:: Given records

(* Let $K$ be a field, $P=K[x_1,\dots,x_n]$, $g_1,\dots,g_r\in P\setminus\{0\}$ such that $I=\langle g_1,\dots,g_r\rangle$ is a proper ideal, and let $Z=(z_1,\dots,z_s)$ be a tuple of distinct indeterminates among $x_1,\dots,x_n$. The procedure $\mathrm{OPTCHECK}$ applied to $(g_1,\dots,g_r)$ and $Z$ terminates and returns either ``Fail'' or a tuple $W\in\mathbb{N}^n$. If it returns a tuple $W$, then there exists a $Z$-separating tuple $(f_1,\dots,f_s)$ of polynomials in $I$ such that every term ordering $\sigma$ compatible with the grading given by $W$ satisfies $\operatorname{LT}_\sigma(f_i)=z_i$ for $i=1,\dots,s$.
   Context: $\operatorname{Supp}(f)$ is the set of terms occurring in $f$; $\operatorname{Lin}(f)$ is the homogeneous degree-1 component of $f$; $\langle\cdot\rangle_K$ denotes $K$-linear span; $P_{\le\delta}$ is the set of polynomials of degree $\le\delta$. A tuple $(f_1,\dots,f_s)$ of polynomials in an ideal $I$ is $Z$-separating if there is a term ordering $\sigma$ with $\operatorname{LT}_\sigma(f_i)=z_i$ for all $i$. For $W\in\mathbb{N}^n$ the $W$-degree of $x_1^{a_1}\cdots x_n^{a_n}$ is $\sum w_ia_i$; a term ordering $\sigma$ is compatible with the grading given by $W$ if $t>_\sigma t'$ whenever the $W$-degree of $t$ exceeds that of $t'$. Procedure $\mathrm{LI}$ (linear interreduction), applied to a tuple $Z=(z_1,\dots,z_s)$ of distinct indeterminates and polynomials $g_1,\dots,g_r$: let $t_1>\dots>t_m$ (lexicographic order, $x_1>\dots>x_n$) be the terms of $\bigcup_j\operatorname{Supp}(g_j)$ other than $z_1,\dots,z_s$; form the coefficient matrix $M$ of $g_1,\dots,g_r$ w.r.t. column order $(z_1,\dots,z_s,t_1,\dots,t_m)$; output the polynomials whose coefficient vectors are the nonzero rows of the reduced row echelon form of $M$, in order. Procedure $\mathrm{OPTCHECK}$ on input $(g_1,\dots,g_r)$ and $Z$: (1) set $w_1=\dots=w_n=0$, $\delta=\max_j\deg(g_j)$, $d=1$. (2) In each $g_j$ delete every monomial not divisible by some indeterminate of $Z$. (3) If $\dim_K\langle\operatorname{Lin}(g_1),\dots,\operatorname{Lin}(g_r)\rangle_K<\#Z$, return ``Fail''. (4) Repeat: (i) form $H=\{x_ig_j : x_i\text{ an indeterminate not in the current }Z,\ j=1,\dots,r\}$ from the current list; fix a degree-compatible term ordering $\tau$ and compute a $K$-basis $h_1,\dots,h_m$ of $\langle H\rangle_K$ with pairwise distinct $\tau$-leading terms; let $q_1,\dots,q_u$ be those $h_k$ lying in $P_{\le\delta}$; replace the current list by the output of $\mathrm{LI}$ applied to the current $Z$ and $(g_1,\dots,g_r,q_1,\dots,q_u)$; (ii) let $\widetilde Z$ be the set of indeterminates of the current $Z$ that occur as elements of the current list; (iii) if $\widetilde Z=\emptyset$, return ``Fail''; (iv) for each $z\in\widetilde Z$, say $z=x_k$, set $w_k=d$ and remove $z$ from $Z$; (v) in each current $g_j$ delete every monomial not divisible by some indeterminate of the (updated) $Z$; (vi) replace $d$ by $2\delta d+1$; until $Z$ is empty. (5) Return $W=(w_1,\dots,w_n)$. *)

From mathcomp Require Import all_boot all_order all_algebra.
From mathcomp Require Export mpoly.
From Stdlib Require Export Relations.
(* Let $G$ be a group, $\mathcal F$ a family of subgroups and $H\le G$. Let $L,P$ be finitely generated $\mathbb ZG$-modules with $P\subseteq L$, and $M,Q$ finitely generated $\mathbb ZH$-modules with $Q\subseteq M$, such that, as $\mathbb ZH$-modules, $M\subseteq L$ and $Q\subseteq P$, with all these inclusions compatible (the square $Q\hookrightarrow M\hookrightarrow L$, $Q\hookrightarrow P\hookrightarrow L$ commutes). Let $\|\cdot\|_L,\|\cdot\|_M$ be filling norms on $L$ and $M$, and suppose there is an integer $C_0\ge1$ with $\|x\|_L\le C_0\|x\|_M$ for all $x\in M$. Suppose $P$ is $\mathcal F$-free and there is a $\mathbb ZH$-homomorphism $\rho:P\to Q$ with $\rho\circ\imath=\mathrm{Id}_Q$, where $\imath:Q\to P$ is the inclusion. Then $\mathrm{Dist}^M_Q\preceq\mathrm{Dist}^L_P$.
   Context: Filling norms: for a free $\mathbb ZG$-module with basis $B$, $\|\cdot\|_1$ is the $\ell_1$-norm for the $\mathbb Z$-basis $\{gb\}$; for a finitely generated $\mathbb ZG$-module $N$ and surjection $\eta:F\to N$ from a finitely generated based free module, $\|n\|_\eta=\min\{\|x\|_1:\eta(x)=n\}$. The distortion of a finitely generated submodule $P$ of a finitely generated $\mathbb ZG$-module $L$ is $\mathrm{Dist}^L_P(k)=\max\{\|\gamma\|_P:\gamma\in P,\|\gamma\|_L\le k\}$ (possibly $\infty$) for chosen filling norms $\|\cdot\|_P,\|\cdot\|_L$; similarly over $\mathbb ZH$. A $\mathbb ZG$-module is $\mathcal F$-free if it is isomorphic to $\mathbb Z[S]$ for a $G$-set $S$ all of whose isotropy groups lie in $\mathcal F$. $f\preceq g$ means $\exists C>0$: $f(n)\le Cg(Cn+C)+Cn+C$ for all $n$. *)

From HB Require Import structures.
From mathcomp Require Import all_boot all_order all_algebra.
From Stdlib Require Import ClassicalEpsilon.
Set Implicit Arguments. Unset Strict Implicit. Unset Printing Implicit Defensive.
Import GRing.Theory.
Local Open Scope ring_scope.

Section Defs.
Variables (G : groupType) (V : zmodType).

Definition is_Gmodule (act : G -> V -> V) : Prop :=
  [/\ (forall g x y, act g (x - y) = act g x - act g y),
      (forall x, act 1%g x = x) &
      (forall g h x, act (g * h)%g x = act g (act h x))].

Definition submod (A : pred G) (act : G -> V -> V) (N : V -> Prop) : Prop :=
  [/\ N 0,
      (forall x y, N x -> N y -> N (x - y)) &
      (forall g x, A g -> N x -> N (act g x))].

(* A formal element  sum_k c_k g_k b_k  of the based free ZA-module on a
   finite basis, the basis element b being sent to the generator b of N
   (this is eta).  Terms are (c, g, b). *)
Definition formal_over (A : pred G) (gens : seq V) (s : seq (int * G * V)) : Prop :=
  forall t, List.In t s -> A t.1.2 /\ t.2 \in gens.

Definition fsum (act : G -> V -> V) (s : seq (int * G * V)) : V :=
  \sum_(t <- s) (act t.1.2 t.2) *~ t.1.1.

Definition l1 (s : seq (int * G * V)) : nat := (\sum_(t <- s) absz t.1.1)%N.

Definition fin_gen (A : pred G) (act : G -> V -> V) (N : V -> Prop) : Prop :=
  exists gens : seq V, (forall v, v \in gens -> N v) /\
    forall x, N x -> exists s, formal_over A gens s /\ fsum act s = x.

(* nrm is the filling norm ||.||_eta on N for the surjection eta from the
   finitely generated based free ZA-module whose basis goes to gens *)
Definition filling_norm (A : pred G) (act : G -> V -> V) (N : V -> Prop)
    (nrm : V -> nat) : Prop :=
  exists gens : seq V, (forall v, v \in gens -> N v) /\
    forall x, N x ->
      (exists s, [/\ formal_over A gens s, fsum act s = x & l1 s = nrm x]) /\
      (forall s, formal_over A gens s -> fsum act s = x -> (nrm x <= l1 s)%N).

(* P is F-free: P is ZG-isomorphic to Z[S] for a G-set S with all isotropy
   groups in F; phi is the image of the Z-basis S of Z[S]. *)
Definition Ffree (F : pred G -> Prop) (act : G -> V -> V) (P : V -> Prop) : Prop :=
  exists (S : eqType) (actS : G -> S -> S) (phi : S -> V),
    [/\ (forall s, actS 1%g s = s) /\ (forall g h s, actS (g * h)%g s = actS g (actS h s)),
        (forall s, F [pred g | actS g s == s]) /\ (forall g s, phi (actS g s) = act g (phi s)),
        (forall s, P (phi s)),
        (forall x, P x -> exists c : seq (int * S), x = \sum_(t <- c) phi t.2 *~ t.1) &
        (forall c : seq (int * S), \sum_(t <- c) phi t.2 *~ t.1 = 0 ->
           forall s0, \sum_(t <- c | t.2 == s0) t.1 = 0)].

(* Dist^L_P(k) = max { ||g||_P : g in P, ||g||_L <= k }, None = infinity *)
Definition Dist (P : V -> Prop) (nP nL : V -> nat) (k : nat) : option nat :=
  let bnd b := forall x, P x -> (nL x <= k)%N -> (nP x <= b)%N in
  match excluded_middle_informative (exists b, bnd b) with
  | left _ => Some (epsilon (inhabits 0%N)
                 (fun b => bnd b /\ exists x, [/\ P x, (nL x <= k)%N & nP x = b]))
  | right _ => None
  end.
End Defs.

(* f <= g : exists C > 0, f(n) <= C g(Cn+C) + Cn + C for all n (None = infinity) *)
Definition dom_le (f g : nat -> option nat) : Prop :=
  exists C : nat, (0 < C)%N /\ forall n,
    match g (C * n + C)%N with
    | None => True
    | Some b => exists a, f n = Some a /\ (a <= C * b + C * n + C)%N
    end.

From HB Require Import structures.
From mathcomp Require Import all_boot all_order all_algebra.
From Stdlib Require Import ClassicalEpsilon.
From Stdlib Require List.
Set Implicit Arguments. Unset Strict Implicit. Unset Printing Implicit Defensive.
Import GRing.Theory.
Local Open Scope ring_scope.

(* It suffices to bound ||q||_Q linearly by ||q||_P on Q.  Write q
   as a P-geodesic combination of G-translates of the generators of P and,
   independently, as a combination of H-translates of the generators of Q, and
   expand both in the free Z-basis S of P; by freeness the two expansions have
   the same coefficients.  The second expansion only uses basis elements in
   finitely many H-orbits, on which s |-> rho(phi s) has bounded Q-norm because
   rho is H-equivariant; extend this map by 0 to all of S.  Evaluated on the
   second expansion it gives rho(q) = q, and evaluated on the first it exhibits
   q as a combination of Q-elements of bounded norm with total coefficient
   weight O(||q||_P). *)

Lemma InP (T : eqType) (x : T) (s : seq T) : reflect (List.In x s) (x \in s).
Proof.
elim: s => [|y s IH]; first by constructor.
rewrite in_cons; apply: (iffP orP) => [[/eqP->|/IH]|[->|/IH]]; by [left | right | rewrite eqxx |].
Qed.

::::

#### Exercise directions:
Write out every line from the entries where "first" appears.

#### Final answer:
   second expansion it gives rho(q) = q, and evaluated on the first it exhibits
elim: s => [|y s IH]; first by constructor.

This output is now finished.